Enfant, j’habitais devant un parc où des moniteurs s’occupaient des enfants l’été, cinq jours par semaine. Outre les cinq parcs de cette petite ville, il y avait aussi un terrain de jeu excentré où les enfants pouvaient se rendre en autobus pour la journée, les activités y étaient plus encadrées. Il n’en coûtait pas un sou aux parents, c’était un choix de société des années 1960.
Pour la rentrée scolaire, l’école préparait une liste des fournitures, plutôt modeste; les enfants achetaient le matériel à la procure de l’établissement. Pourquoi la rentrée est-elle devenue une course folle et onéreuse?
L’Ontario a choisi de fournir gratuitement le matériel scolaire aux élèves et d’abolir les droits de scolarité à l’université pour les ménages dont le revenu est de 50 000 $ et moins. Le Québec, au contraire, ne semble plus considérer l’éducation comme un bien commun, mais comme un investissement personnel. Le Québec est encore l’endroit au Canada où les inégalités sociales sont moins importantes, mais pour combien de temps encore?

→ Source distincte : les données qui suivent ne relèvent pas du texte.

(* For all $\theta,\theta'\in\Theta$, $$\|\pi^\rho_\theta\,d\lambda-\pi^\rho_{\theta'}\,d\lambda\|_{TV}\le 2(d-1)\sum_{i=1}^d\Big|1-\frac{\rho(\theta'(i))}{\rho(\theta(i))}\Big|.$$
   Context: Let $\mathsf X\subset\mathbb R^D$ be measurable, $\lambda$ a nonnegative reference measure, $\pi$ a probability density on $\mathsf X$ w.r.t. $\lambda$. $\mathsf X=\bigcup_{i=1}^d\mathsf X_i$ is a partition into disjoint measurable strata, $\theta_\star(i)=\int_{\mathsf X_i}\pi\,d\lambda$ (assumed positive), $\Theta=\{\theta\in(0,1)^d:\sum_i\theta(i)=1\}$. For a measurable $\rho:(0,1)\to(0,\infty)$ and $\theta\in\Theta$, $\pi^\rho_\theta(x)=(Z^\rho_\theta)^{-1}\sum_{i}\frac{\pi(x)}{\rho(\theta(i))}\mathbf 1_{\mathsf X_i}(x)$ with $Z^\rho_\theta=\sum_i\frac{\theta_\star(i)}{\rho(\theta(i))}$. For a signed measure $\nu$, $\|\nu\|_{TV}=\sup\{|\nu(f)|: f \text{ measurable},\ \sup_{\mathsf X}|f|\le1\}$. *)

From HB Require Import structures.
From mathcomp Require Import all_boot all_order all_algebra.
From mathcomp Require Import all_classical all_reals all_analysis.
Set Implicit Arguments. Unset Strict Implicit. Unset Printing Implicit Defensive.
Import Order.TTheory GRing.Theory Num.Theory.
Local Open Scope classical_set_scope.
Local Open Scope ring_scope.

Section Defs.
Context {d0 : measure_display} {T : measurableType d0} {R : realType}.

Definition theta_star (lam : {measure set T -> \bar R}) (pi : T -> R)
  (d : nat) (S : 'I_d -> set T) (i : 'I_d) : R :=
  fine (\int[lam]_(x in S i) (pi x)%:E).

Definition in_Theta (d : nat) (th : 'I_d -> R) : Prop :=
  (forall i, 0 < th i < 1) /\ \sum_(i < d) th i = 1.

Definition Zrho (lam : {measure set T -> \bar R}) (pi : T -> R)
  (d : nat) (S : 'I_d -> set T) (rho : R -> R) (th : 'I_d -> R) : R :=
  \sum_(i < d) theta_star lam pi S i / rho (th i).

Definition pirho (lam : {measure set T -> \bar R}) (pi : T -> R)
  (d : nat) (S : 'I_d -> set T) (rho : R -> R) (th : 'I_d -> R) (x : T) : R :=
  (Zrho lam pi S rho th)^-1 * \sum_(i < d) (pi x / rho (th i)) * \1_(S i) x.

Definition tv_norm_dens (lam : {measure set T -> \bar R}) (X : set T)
  (p q : T -> R) : \bar R :=
  ereal_sup [set `| \int[lam]_(x in X) (f x * (p x - q x))%:E |%E
            | f in [set f : T -> R | measurable_fun X f /\
                                     (forall x, X x -> `|f x| <= 1)]].

End Defs.

From HB Require Import structures.
From mathcomp Require Import all_boot all_order all_algebra.
From mathcomp Require Import all_classical all_reals all_analysis.
From mathcomp Require Import ring lra measurable_realfun.
Import Order.TTheory GRing.Theory Num.Theory.
Local Open Scope classical_set_scope.
Local Open Scope ring_scope.

(* Both densities are mixtures sum_i a_i pi 1_{X_i} of the same nonnegative
   components, of masses theta_star(i), so the total variation of their
   difference is at most sum_i |a_i - a'_i| theta_star(i)
   = sum_i |w_i / W - w'_i / W'|, where w_i = theta_star(i) / rho(theta(i)) and
   W = sum_i w_i.  Writing w_i / W - w'_i / W' = w_i (1/W - 1/W') + (w_i - w'_i) / W'
   bounds this by 2 sum_i |w_i - w'_i| / W' <= 2 sum_i |1 - rho(theta'(i)) / rho(theta(i))|.
   Since d >= 2 on Theta, 2 <= 2 (d - 1). *)

Section NormalizedWeights.
Context {R : realFieldType} {n : nat}.

Lemma ler_term_sum (s : 'I_n -> R) i : (forall j, 0 <= s j) -> s i <= \sum_j s j.
Proof. by move=> s_ge0; rewrite (bigD1 i) //= lerDl sumr_ge0. Qed.

Lemma sumr_ord_gt0 (s : 'I_n -> R) : (0 < n)%N -> (forall i, 0 < s i) -> 0 < \sum_i s i.
Proof.
move=> n_gt0 s_gt0; apply: lt_le_trans (s_gt0 (Ordinal n_gt0)) _.
by apply: ler_term_sum => j; apply: ltW.
Qed.

Lemma sum_dist_normalized_le (a b : 'I_n -> R) :
  (forall i, 0 <= a i) -> 0 < \sum_i a i -> 0 < \sum_i b i ->
  \sum_i `|a i / \sum_j a j - b i / \sum_j b j|
    <= 2 * (\sum_i `|a i - b i|) / \sum_j b j.
Proof.
set A := \sum_j a j; set B := \sum_j b j => a_ge0 A_gt0 B_gt0.
have termwise i : `|a i / A - b i / B| <= a i * `|A^-1 - B^-1| + `|a i - b i| / B.
  have -> : a i / A - b i / B = a i * (A^-1 - B^-1) + (a i - b i) / B by ring.
  apply: le_trans (ler_normD _ _) _.
  by rewrite !normrM ger0_norm // [`|B^-1|]ger0_norm // invr_ge0 ltW.
have AB : A * `|A^-1 - B^-1| <= (\sum_i `|a i - b i|) / B.
  have -> : A * `|A^-1 - B^-1| = `|B - A| / B.
    have -> : B - A = A * (A^-1 - B^-1) * B by field; rewrite !gt_eqF.
    by rewrite normrM (gtr0_norm B_gt0) mulfK ?gt_eqF // normrM gtr0_norm.
  rewrite distrC ler_wpM2r ?invr_ge0 ?(ltW B_gt0) // /A /B -sumrB.
  exact: ler_norm_sum.
apply: le_trans (ler_sum _ (fun i _ => termwise i)) _.
rewrite big_split /= -mulr_suml -mulr_suml mulr2n mulrDl mul1r mulrDl.
by rewrite lerD2r.
Qed.

Lemma sum_dist_inv_weights_le (t r r' : 'I_n -> R) :
  (0 < n)%N -> (forall i, 0 < t i) -> (forall i, 0 < r i) -> (forall i, 0 < r' i) ->
  \sum_i `|(\sum_j t j / r j)^-1 / r i - (\sum_j t j / r' j)^-1 / r' i| * t i
    <= 2 * \sum_i `|1 - r' i / r i|.
Proof.
move=> n_gt0 t_gt0 r_gt0 r'_gt0.
pose a i := t i / r i; pose b i := t i / r' i.
have a_gt0 i : 0 < a i by rewrite divr_gt0.
have b_gt0 i : 0 < b i by rewrite divr_gt0.
have B_gt0 : 0 < \sum_j b j by apply: sumr_ord_gt0.
have termE i : `|(\sum_j a j)^-1 / r i - (\sum_j b j)^-1 / r' i| * t i
    = `|a i / \sum_j a j - b i / \sum_j b j|.
  by rewrite -[t i]gtr0_norm // -normrM; congr `|_|; rewrite /a /b; ring.
rewrite (eq_bigr _ (fun i _ => termE i)).
apply: le_trans (sum_dist_normalized_le a b (fun i => ltW (a_gt0 i)) _ B_gt0) _.
  exact: sumr_ord_gt0.
rewrite -mulrA ler_wpM2l // mulr_suml; apply: ler_sum => i _.
have -> : a i - b i = b i * (r' i / r i - 1) by rewrite /a /b; field; rewrite !gt_eqF.
rewrite normrM gtr0_norm // distrC mulrAC ler_piMl // ler_pdivrMr // mul1r.
by apply: ler_term_sum => j; apply: ltW.
Qed.

End NormalizedWeights.

Section TotalVariation.
Context {d0 : measure_display} {T : measurableType d0} {R : realType}.
Variables (lam : {measure set T -> \bar R}) (X : set T).
Hypothesis mX : measurable X.

Lemma tv_norm_dens_le_integral (p q : T -> R) :
  measurable_fun X (fun x => p x - q x) ->
  (tv_norm_dens lam X p q <= \int[lam]_(x in X) `|p x - q x|%:E)%E.
Proof.
move=> mpq; apply/ereal_supP => _ [f [mf f_le1] <-].
have mfpq : measurable_fun X (fun x => f x * (p x - q x)) by exact: measurable_funM.
apply: le_trans (le_abse_integral lam mX _) _; first exact/measurable_EFinP.
apply: ge0_le_integral => //.
- by apply: measurableT_comp => //; exact/measurable_EFinP.
- by apply/measurable_EFinP; exact: measurableT_comp.
- by move=> x Xx; rewrite lee_fin normrM ler_piMl // f_le1.
Qed.

Lemma integral_norm_comb_le (n : nat) (c m : 'I_n -> R) (g : 'I_n -> T -> R) :
  (forall i, measurable_fun X (g i)) -> (forall i x, X x -> 0 <= g i x) ->
  (forall i, \int[lam]_(x in X) (g i x)%:E = (m i)%:E)%E ->
  (\int[lam]_(x in X) `|\sum_i c i * g i x|%:E <= (\sum_i `|c i| * m i)%:E)%E.
Proof.
move=> mg g_ge0 g_int.
have mcg i : measurable_fun X (fun x => `|c i| * g i x).
  by apply: measurable_funM => //; exact: measurable_cst.
apply: (@le_trans _ _ (\int[lam]_(x in X) (\sum_i `|c i| * g i x)%:E)%E).
  apply: ge0_le_integral => //.
  - apply/measurable_EFinP; apply: measurableT_comp => //.
    by apply: measurable_sum => i; apply: measurable_funM => //; exact: measurable_cst.
  - by apply/measurable_EFinP; apply: measurable_sum.
  move=> x Xx; rewrite lee_fin; apply: le_trans (ler_norm_sum _ _ _) _.
  by apply: ler_sum => i _; rewrite normrM (ger0_norm (g_ge0 i x Xx)).
under eq_integral do rewrite -sumEFin.
have cg_ge0 i x : X x -> (0 <= (`|c i| * g i x)%:E)%E.
  by move=> Xx; rewrite lee_fin mulr_ge0 ?g_ge0.
rewrite ge0_integral_sum // => [|i]; last exact/measurable_EFinP.
rewrite -sumEFin lee_sum // => i _.
under eq_integral do rewrite EFinM.
rewrite ge0_integralZl_EFin ?g_int //.
- by move=> x Xx; rewrite lee_fin g_ge0.
- exact/measurable_EFinP.
Qed.

End TotalVariation.

Lemma in_Theta_gt1 (R : realType) (d : nat) (th : 'I_d -> R) : in_Theta th -> (1 < d)%N.
Proof.
case: d th => [|[|d]] // th [th_01 th_sum].
  by move: th_sum; rewrite big_ord0 => /eqP; rewrite eq_sym oner_eq0.
by move: th_sum (th_01 ord0); rewrite big_ord1 => ->; rewrite ltxx andbF.
Qed.

Section Stratification.
Context {d0 : measure_display} {T : measurableType d0} {R : realType}.
Variables (lam : {measure set T -> \bar R}) (pi : T -> R).
Variables (d : nat) (S : 'I_d -> set T) (rho : R -> R).

Lemma pirhoE th x : pirho lam pi S rho th x
  = \sum_i (Zrho lam pi S rho th)^-1 / rho (th i) * (pi x * \1_(S i) x).
Proof. by rewrite /pirho mulr_sumr; apply: eq_bigr => i _; ring. Qed.

Lemma integral_indic_theta_star (X : set T) i :
  S i `<=` X -> 0 < theta_star lam pi S i ->
  (\int[lam]_(x in X) (pi x * \1_(S i) x)%:E = (theta_star lam pi S i)%:E)%E.
Proof.
move=> SX; rewrite /theta_star.
have -> : (\int[lam]_(x in X) (pi x * \1_(S i) x)%:E = \int[lam]_(x in S i) (pi x)%:E)%E.
  rewrite -[in RHS](setIidr SX) integral_mkcondr epatch_indic.
  by apply: eq_integral => x _; rewrite EFinM.
by case: (\int[lam]_(x in S i) _)%E => [r _||] //=; rewrite ltxx.
Qed.

End Stratification.

Theorem lemma6p2 (d0 : measure_display) (T : measurableType d0) (R : realType)
  (X : set T) (lam : {measure set T -> \bar R}) (pi : T -> R)
  (d : nat) (S : 'I_d -> set T) (rho : R -> R)
  (mX : measurable X)
  (pi_meas : measurable_fun X pi)
  (pi_ge0 : forall x, X x -> 0 <= pi x)
  (pi_prob : (\int[lam]_(x in X) (pi x)%:E = 1)%E)
  (S_meas : forall i, measurable (S i))
  (S_disj : forall i j, i != j -> S i `&` S j = set0)
  (S_cover : \bigcup_(i in [set: 'I_d]) S i = X)
  (theta_star_pos : forall i, 0 < theta_star lam pi S i)
  (rho_meas : measurable_fun (`]0, 1[ : set R) rho)
  (rho_pos : forall t, 0 < t < 1 -> 0 < rho t)
  (th th' : 'I_d -> R) (hth : in_Theta th) (hth' : in_Theta th') :
  (tv_norm_dens lam X (pirho lam pi S rho th) (pirho lam pi S rho th')
   <= (2 * (d%:R - 1) * \sum_(i < d) `| 1 - rho (th' i) / rho (th i) |)%:E)%E.
Proof.
have d_gt1 : (1 < d)%N by exact: in_Theta_gt1 hth.
have rho_th_gt0 u : in_Theta u -> forall i, 0 < rho (u i).
  by move=> [u_01 _] i; apply: rho_pos.
pose g i x := pi x * \1_(S i) x.
pose c i := (Zrho lam pi S rho th)^-1 / rho (th i)
          - (Zrho lam pi S rho th')^-1 / rho (th' i).
have pqE x : pirho lam pi S rho th x - pirho lam pi S rho th' x = \sum_i c i * g i x.
  by rewrite !pirhoE -sumrB; apply: eq_bigr => i _; rewrite mulrBl.
have SX i : S i `<=` X by move=> x Sx; rewrite -S_cover; exists i.
have mg i : measurable_fun X (g i).
  by apply: measurable_funM => //; exact: measurable_indic.
have g_ge0 i x : X x -> 0 <= g i x by move=> Xx; rewrite mulr_ge0 ?pi_ge0.
apply: le_trans (tv_norm_dens_le_integral lam _ mX _ _ _) _.
  rewrite (funext pqE); apply: measurable_sum => i.
  by apply: measurable_funM => //; exact: measurable_cst.
under eq_integral do rewrite pqE.
apply: le_trans (integral_norm_comb_le lam _ mX _ c _ _ mg g_ge0 _) _.
  by move=> i; exact: integral_indic_theta_star.
rewrite lee_fin; apply: le_trans (sum_dist_inv_weights_le (theta_star lam pi S)
    (rho \o th) (rho \o th') (ltnW d_gt1) theta_star_pos _ _) _;
  [exact: rho_th_gt0 hth | exact: rho_th_gt0 hth' |].
have d_ge2 : (2 : R) <= d%:R by rewrite ler_nat.
by rewrite -mulrA ler_wpM2l // ler_peMl ?sumr_ge0 //; lra.
Qed.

Le gouvernement du Parti québécois élu en 1976 nous avait donné une bonne idée des chantiers à entreprendre pour le bien commun, notamment : la Charte de la langue française, la protection du consommateur, la protection des terres agricoles. Il semble toutefois qu’on ait reculé sur plusieurs plans.
PROTECTION DU TERRITOIRE
Zoom arrière. Lors d’une partie de bras de fer au sujet d’un tracé de pipeline de gaz naturel, le ministre Garon, qui défendait sa loi toute neuve sur la protection des terres agricoles, l’avait emporté sur Yves Bérubé, ministre de l’Énergie et des Ressources naturelles. Aujourd’hui, plus que jamais, il faudrait non seulement qu’on applique fermement cette loi, mais il faudrait également la renforcer pour contenir l’étalement urbain et les pétrolières. L’actuel projet de loi 106 des libéraux choisit une autre direction en donnant aux pétrolières un droit d’expropriation (sur 58 000 km2). En fait, c’est une loi de protection du territoire dont nous avons besoin pour préserver les terres agricoles, les paysages, nos milieux de vie, pour garantir la qualité de notre eau potable, celle de l’air et de notre nourriture. Et pour ce faire, l’environnement étant de prépondérance fédérale, il faut être un pays.
Dans sa biographie, l’ancien ministre Garon explique que l’autosuffisance alimentaire était un objectif : de 47 % en 1976, elle était passée à 80 % au milieu des années 1980. Aujourd’hui, on l’estime à 30 % environ. Qu’est-il arrivé? Les réseaux de distribution alimentaire sont majoritairement passés à des intérêts non québécois, les fermes familiales se sont raréfiées. Il fallait produire en gros pour vendre à de grands réseaux ou viser l’exportation, comme l’ont fait les grandes unités de production porcine. La mondialisation, c’est beaucoup les gros qui affament les petits et sont mangés par de plus gros encore. Or, aujourd’hui, on aurait besoin d’une agriculture de proximité pour la qualité et la traçabilité des aliments d’abord, pour réduire l’empreinte écologique et pour un mode de vie qui permet d’occuper notre territoire sainement. L’engouement pour les marchés publics n’est pas anodin. Les pois mange-tout chinois, non merci!
Pourquoi la production maraîchère en serre n’obtiendrait-elle pas les mêmes tarifs d’électricité que la production d’aluminium? Faut-il attendre la complète désertification de la Californie?
Protéger le territoire, c’est aussi gérer les déchets. En France, on a adopté une loi contre l’obsolescence programmée. J’ai dû remplacer mon frigo cet été : la vendeuse m’a prévenue que la durée de vie d’un frigo était de 7 ou 8 ans, quel que soit le prix payé. Le précédent avait duré 15 ans. Celui de ma mère plus de 30 ans. Gros déchets indécents. S’il faut fabriquer nous-mêmes des appareils durables, pourquoi pas?
II n’y pas motif à quitter le Canada s’il s’agit seulement de déménager des postes budgétaires. Faire du Québec un pays, c’est faire des choix de société.
Lors d’un référendum, il y aura ceux qui voteront « non » par refus du changement, et il y aura ceux qui pourraient voter « non » parce que le projet n’offrirait pas les changements nécessaires pour relever les défis du XXIe siècle.
Rêver le pays pour rêver demain. Avec des idées simples et de l’audace. Un territoire pour les gens, pas pour l’économie. Parce que la planète a besoin de gens qui rêvent à autre chose qu’un compte de banque.